It's that time of my life I guess. The time where I have no idea where I am, who I am, or what the hell I'm doing. I'm always trying to find something... But I have no idea what it is. Well, I guess the best way to describe where I'm at right now is through poetry. So here it is.
I'm always getting so lost
I'm staring and I'm stuck in space
Something on earth pulls me and I hit my head on the way down
I've never known where I was
Nor have I known why I was
I still don't understand
And again before I can gather myself, I'm back in space
Absolutely unaware of reality
How can I stay here when it's so hard to see?
How can you ask an ant to tell you where it would like to go when all it can see is the few blades of grass in front of it?

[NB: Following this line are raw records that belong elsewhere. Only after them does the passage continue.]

(* block coherence mu_B = max_{i <> j} (1/d) ||D[i]^* D[j]||  (0 if M <= 1) *)
Definition block_coherence (C : numClosedFieldType) (L M d : nat)
  (D : 'M[C]_(L, M * d)) (muB : C) :=
  exists nr : 'I_M -> 'I_M -> C,
    (forall i j, is_specnorm (adj (blkm D i) *m blkm D j) (nr i j)) /\
    muB = \big[Num.max/0]_(i : 'I_M) \big[Num.max/0]_(j : 'I_M | j != i)
            (nr i j / d%:R).

(* sub-coherence nu = max over blocks l, and distinct columns r1 <> r2 of
   block l, of |d_{r1}^* d_{r2}|  (0 if d = 1) *)
Definition subcoherence (C : numClosedFieldType) (L M d : nat)
  (D : 'M[C]_(L, M * d)) : C :=
  \big[Num.max/0]_(l : 'I_M) \big[Num.max/0]_(r1 : 'I_d)
    \big[Num.max/0]_(r2 : 'I_d | r2 != r1)
      `|(adj (col (bidx l r1) D) *m col (bidx l r2) D) 0 0|.

(* x_max = max_{i in S} ||x[i]||,  x_min = min_{i in S} ||x[i]||
   (S nonempty; x_min is computed as a min seeded with x_max, which is
   an upper bound of all the terms) *)
Definition xmax (C : numClosedFieldType) (M d : nat) (x : 'cV[C]_(M * d)) : C :=
  \big[Num.max/0]_(i in supp x) vnorm (blkv x i).
Definition xmin (C : numClosedFieldType) (M d : nat) (x : 'cV[C]_(M * d)) : C :=
  \big[Num.min/xmax x]_(i in supp x) vnorm (blkv x i).

(* Block thresholding works because the block correlations ||D[j]^* y|| separate the
   support S of x from its complement.  Expanding y = D x + w, for i in S the diagonal
   term D[i]^* D[i] x[i] has norm at least (1 - (d-1) nu) x_min (a Gershgorin bound
   inside one block), every cross term D[j]^* D[l] x[l] with j <> l has norm at most
   d mu_B x_max, and the noise term at most sqrt(1 + (d-1) nu) eps.  So correlations
   on S exceed (1 - (d-1) nu) x_min - (k-1) d mu_B x_max - sqrt(1 + (d-1) nu) eps,
   those off S stay below k d mu_B x_max + sqrt(1 + (d-1) nu) eps, and the recovery
   condition says precisely that the first bound beats the second; as |Shat| = k >= |S|,
   this forces S \subset Shat.  Then xhat - x lives on Shat, where it equals P w with
   P the pseudoinverse of D_Shat; D_Shat P is an orthogonal projection, so
   ||D_Shat P w|| <= eps, and the Gershgorin bound across blocks,
   ||D_Shat z||^2 >= (1 - (d-1) nu - (k-1) d mu_B) ||z||^2, gives the error estimate. *)

From HB Require Import structures.
From mathcomp Require Import all_boot all_order all_algebra ring.
Set Implicit Arguments. Unset Strict Implicit. Unset Printing Implicit Defensive.
Import Order.TTheory GRing.Theory Num.Theory.
Local Open Scope ring_scope.

Section InnerProduct.
Variable C : numClosedFieldType.
Implicit Types (m n p : nat).

Definition ip n (u v : 'cV[C]_n) : C := (adj u *m v) 0 0.

Lemma ipE n (u v : 'cV[C]_n) : ip u v = \sum_i (u i 0)^* * v i 0.
Proof. by rewrite /ip mxE; apply: eq_bigr => i _; rewrite !mxE. Qed.
Definition gnum (p X Y : pt) : R :=
  oinner (fst X) (fst Y) * (1 + onorm2 (snd p)) + oinner (snd X) (snd Y) * (1 + onorm2 (fst p))
  - ore (omul (omul (fst p) (oconj (snd p))) (gcross X Y)).

Definition gden (p : pt) : R := 1 + onorm2 (fst p) + onorm2 (snd p).

Definition gnum_quad (A X Y : pt) : R :=
  oinner (fst X) (fst Y) * onorm2 (snd A) + oinner (snd X) (snd Y) * onorm2 (fst A)
  - ore (omul (omul (fst A) (oconj (snd A))) (gcross X Y)).
(* the polarization gnum_quad (A + B) - gnum_quad A - gnum_quad B *)
Definition gnum_polar (A B X Y : pt) : R :=
  2 * oinner (fst X) (fst Y) * oinner (snd A) (snd B)
  + 2 * oinner (snd X) (snd Y) * oinner (fst A) (fst B)
  - ore (omul (oadd (omul (fst A) (oconj (snd B))) (omul (fst B) (oconj (snd A)))) (gcross X Y)).

Definition hess (A B X Y : pt) : R := gnum_polar A B X Y - 4 * pinner X Y * pinner A B.

Definition curv (A B C D : pt) : R :=
  / 2 * (hess A D B C + hess B C A D - hess B D A C - hess A C B D).

Ltac metric_ring :=
  destruct_pts; unfold curv, hess, gnum_polar, gnum_quad, gnum, gden, gcross, pinner; unfold_pt;
  ring.

Lemma gmet_quotient p X Y : gmet p X Y = gnum p X Y / gden p ^ 2.
Proof.
  unfold gmet, ds2, gnum, gcross, gden. cbv zeta. unfold Rdiv.
  generalize (/ (1 + onorm2 (fst p) + onorm2 (snd p)) ^ 2). intros k.
  destruct_pts; unfold_pt; field.
Qed.

Lemma gnum_plane A B X Y s t :
  gnum (padd (padd P0 (pscal s A)) (pscal t B)) X Y =
  pinner X Y + gnum_quad A X Y * s^2 + gnum_polar A B X Y * s * t + gnum_quad B X Y * t^2.
Proof. metric_ring. Qed.

Lemma gden_plane A B s t :
  gden (padd (padd P0 (pscal s A)) (pscal t B)) =
  1 + pinner A A * s^2 + 2 * pinner A B * s * t + pinner B B * t^2.
Proof. metric_ring. Qed.

Lemma gnum_line B X Y t :
  gnum (padd P0 (pscal t B)) X Y = pinner X Y + gnum_quad B X Y * t^2.
Proof. metric_ring. Qed.

Lemma gden_line B t : gden (padd P0 (pscal t B)) = 1 + pinner B B * t^2.
Proof. metric_ring. Qed.

Lemma hess_comm12 A B X Y : hess A B X Y = hess B A X Y.
Proof. metric_ring. Qed.

Lemma hess_comm34 A B X Y : hess A B X Y = hess A B Y X.
Proof. metric_ring. Qed.

Lemma hess_linear1 a b p q B X Y :
  hess (padd (pscal a p) (pscal b q)) B X Y = a * hess p B X Y + b * hess q B X Y.
Proof. metric_ring. Qed.

Lemma hess_linear3 a b p q A B Y :
  hess A B (padd (pscal a p) (pscal b q)) Y = a * hess A B p Y + b * hess A B q Y.
Proof. metric_ring. Qed.

Lemma hess_linear2 a b p q A X Y :
  hess A (padd (pscal a p) (pscal b q)) X Y = a * hess A p X Y + b * hess A q X Y.
Proof. rewrite hess_comm12, hess_linear1, (hess_comm12 p), (hess_comm12 q). reflexivity. Qed.

Lemma hess_linear4 a b p q A B X :
  hess A B X (padd (pscal a p) (pscal b q)) = a * hess A B X p + b * hess A B X q.
Proof. rewrite hess_comm34, hess_linear3, (hess_comm34 _ _ p), (hess_comm34 _ _ q). reflexivity. Qed.

Lemma curv_linear1 B C D : linear_pt (fun A => curv A B C D).
Proof. intros a b p q. unfold curv. rewrite !hess_linear1, !hess_linear3. ring. Qed.

Lemma curv_linear2 A C D : linear_pt (fun B => curv A B C D).
Proof. intros a b p q. unfold curv. rewrite !hess_linear1, !hess_linear3. ring. Qed.

Lemma curv_linear3 A B D : linear_pt (fun C => curv A B C D).
Proof. intros a b p q. unfold curv. rewrite !hess_linear2, !hess_linear4. ring. Qed.

Lemma curv_linear4 A B C : linear_pt (fun D => curv A B C D).
Proof. intros a b p q. unfold curv. rewrite !hess_linear2, !hess_linear4. ring. Qed.

Lemma curv_formula a b c d e f g h :
  curv (a, b) (c, d) (e, f) (g, h) =
       4 * oinner a e * oinner c g - 4 * oinner c e * oinner a g
     + 4 * oinner b f * oinner d h - 4 * oinner d f * oinner b h
     - oinner (omul e (oconj d)) (omul g (oconj b))
     + oinner (omul e (oconj b)) (omul g (oconj d))
     - oinner (omul c (oconj f)) (omul a (oconj h))
     + oinner (omul a (oconj f)) (omul c (oconj h))
     - oinner (osub (omul a (oconj d)) (omul c (oconj b)))
              (osub (omul g (oconj f)) (omul e (oconj h))).
Proof.
  destruct a as [[? ? ? ?] [? ? ? ?]], b as [[? ? ? ?] [? ? ? ?]], c as [[? ? ? ?] [? ? ? ?]],
    d as [[? ? ? ?] [? ? ? ?]], e as [[? ? ? ?] [? ? ? ?]], f as [[? ? ? ?] [? ? ? ?]],
    g as [[? ? ? ?] [? ? ? ?]], h as [[? ? ? ?] [? ? ? ?]].
  unfold curv, hess, gnum_polar, gcross, pinner; unfold_pt. field.
Qed.

Lemma Derive_gmet_line_P0 B X Y : Derive (fun t => gmet (padd P0 (pscal t B)) X Y) 0 = 0.
Proof.
  rewrite (Derive_ext _ (fun t => (pinner X Y + gnum_quad B X Y * t^2) / (1 + pinner B B * t^2)^2)).
  - apply Derive_even_quadratic_quotient.
  - intros t. rewrite gmet_quotient, gnum_line, gden_line. reflexivity.
Qed.

Lemma mixed_Derive_gmet_P0 A B X Y :
  Derive (fun s => Derive (fun t => gmet (padd (padd P0 (pscal s A)) (pscal t B)) X Y) 0) 0
  = hess A B X Y.
Proof.
  rewrite (Derive_ext _ (fun s => Derive (fun t =>
     (pinner X Y + gnum_quad A X Y * s^2 + gnum_polar A B X Y * s * t + gnum_quad B X Y * t^2)
     / (1 + pinner A A * s^2 + 2 * pinner A B * s * t + pinner B B * t^2)^2) 0)).
  - rewrite mixed_Derive_quadratic_quotient. unfold hess. ring.
  - intros s. apply Derive_ext. intros t. rewrite gmet_quotient, gnum_plane, gden_plane. reflexivity.
Qed.

Lemma Rcomp_curv a b c d : Rcomp a b c d = curv (pt_e a) (pt_e b) (pt_e c) (pt_e d).
Proof. unfold Rcomp, d2g, partial, gcomp. rewrite !mixed_Derive_gmet_P0. reflexivity. Qed.

Lemma Rtensor_curv X Y Z W : Rtensor X Y Z W = curv X Y Z W.
Proof.
  unfold Rtensor.
  rewrite <- (sum16_coord_linear (fun A => curv A Y Z W) X) by apply curv_linear1.
  apply sum_eq; intros a _.
  rewrite <- (sum16_coord_linear (fun B => curv (pt_e a) B Z W * pt_coord a X) Y)
    by apply linear_pt_scale, curv_linear2.
  apply sum_eq; intros b _.
  rewrite <- (sum16_coord_linear (fun C => curv (pt_e a) (pt_e b) C W * pt_coord a X * pt_coord b Y) Z)
    by apply linear_pt_scale, linear_pt_scale, curv_linear3.
  apply sum_eq; intros c _.
  rewrite <- (sum16_coord_linear
    (fun D => curv (pt_e a) (pt_e b) (pt_e c) D * pt_coord a X * pt_coord b Y * pt_coord c Z) W)
    by apply linear_pt_scale, linear_pt_scale, linear_pt_scale, curv_linear4.
  apply sum_eq; intros d _.
  rewrite Rcomp_curv. ring.
Qed.

Theorem corollary6p8 :
  (* the chart coordinates are normal to first order at P0, so the curvature
     convention applies in them *)
  (forall i j k : nat, (i < 16)%nat -> (j < 16)%nat -> (k < 16)%nat ->
     partial k (gcomp i j) P0 = 0) /\
  (forall a b c d e f g h : poct,
     Rtensor (a, b) (c, d) (e, f) (g, h) =
       4 * oinner a e * oinner c g - 4 * oinner c e * oinner a g
     + 4 * oinner b f * oinner d h - 4 * oinner d f * oinner b h
     - oinner (omul e (oconj d)) (omul g (oconj b))
     + oinner (omul e (oconj b)) (omul g (oconj d))
     - oinner (omul c (oconj f)) (omul a (oconj h))
     + oinner (omul a (oconj f)) (omul c (oconj h))
     - oinner (osub (omul a (oconj d)) (omul c (oconj b)))
              (osub (omul g (oconj f)) (omul e (oconj h)))).
Proof.
  split.
  - intros i j k _ _ _. apply Derive_gmet_line_P0.
  - intros. rewrite Rtensor_curv. apply curv_formula.
Qed.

Its answer will always be uninspiring
And so is mine
So I spend all day in space until something brings my soul crashing down in a spirit shattering fashion
I'm always crushed
So I return to space to put the pieces back together without the unbearable weight of gravity to limit my reconstruction
But I always fall again
Always shattering more
And so I shatter into so many pieces, I find myself unable to decipher the puzzle
No matter how hard I try, I've accepted that I'll never be together again
So I stay lost. So I stay broken.
And that is who I am; maybe who I'll always be
After reading this over, I realize that it is pretty depressing. It's depressing not to know what you want. It's depressing not to know where to go. Uncertainty is just stressful altogether. But sometimes space isn't a bad place to be (Metaphorically speaking). I struggle with the fact that I'm so lost but I need to be somewhere on earth. There's a place that needs me. Somewhere I need to be, and I can't keep escaping reality to avoid that. I try deciphering my feelings, but I don't even know what they are. It's perfectly fine to be clueless sometimes though. Maybe it's even better that way. Maybe the point isn't to decipher the puzzle, but to accept that the puzzle undecipherable.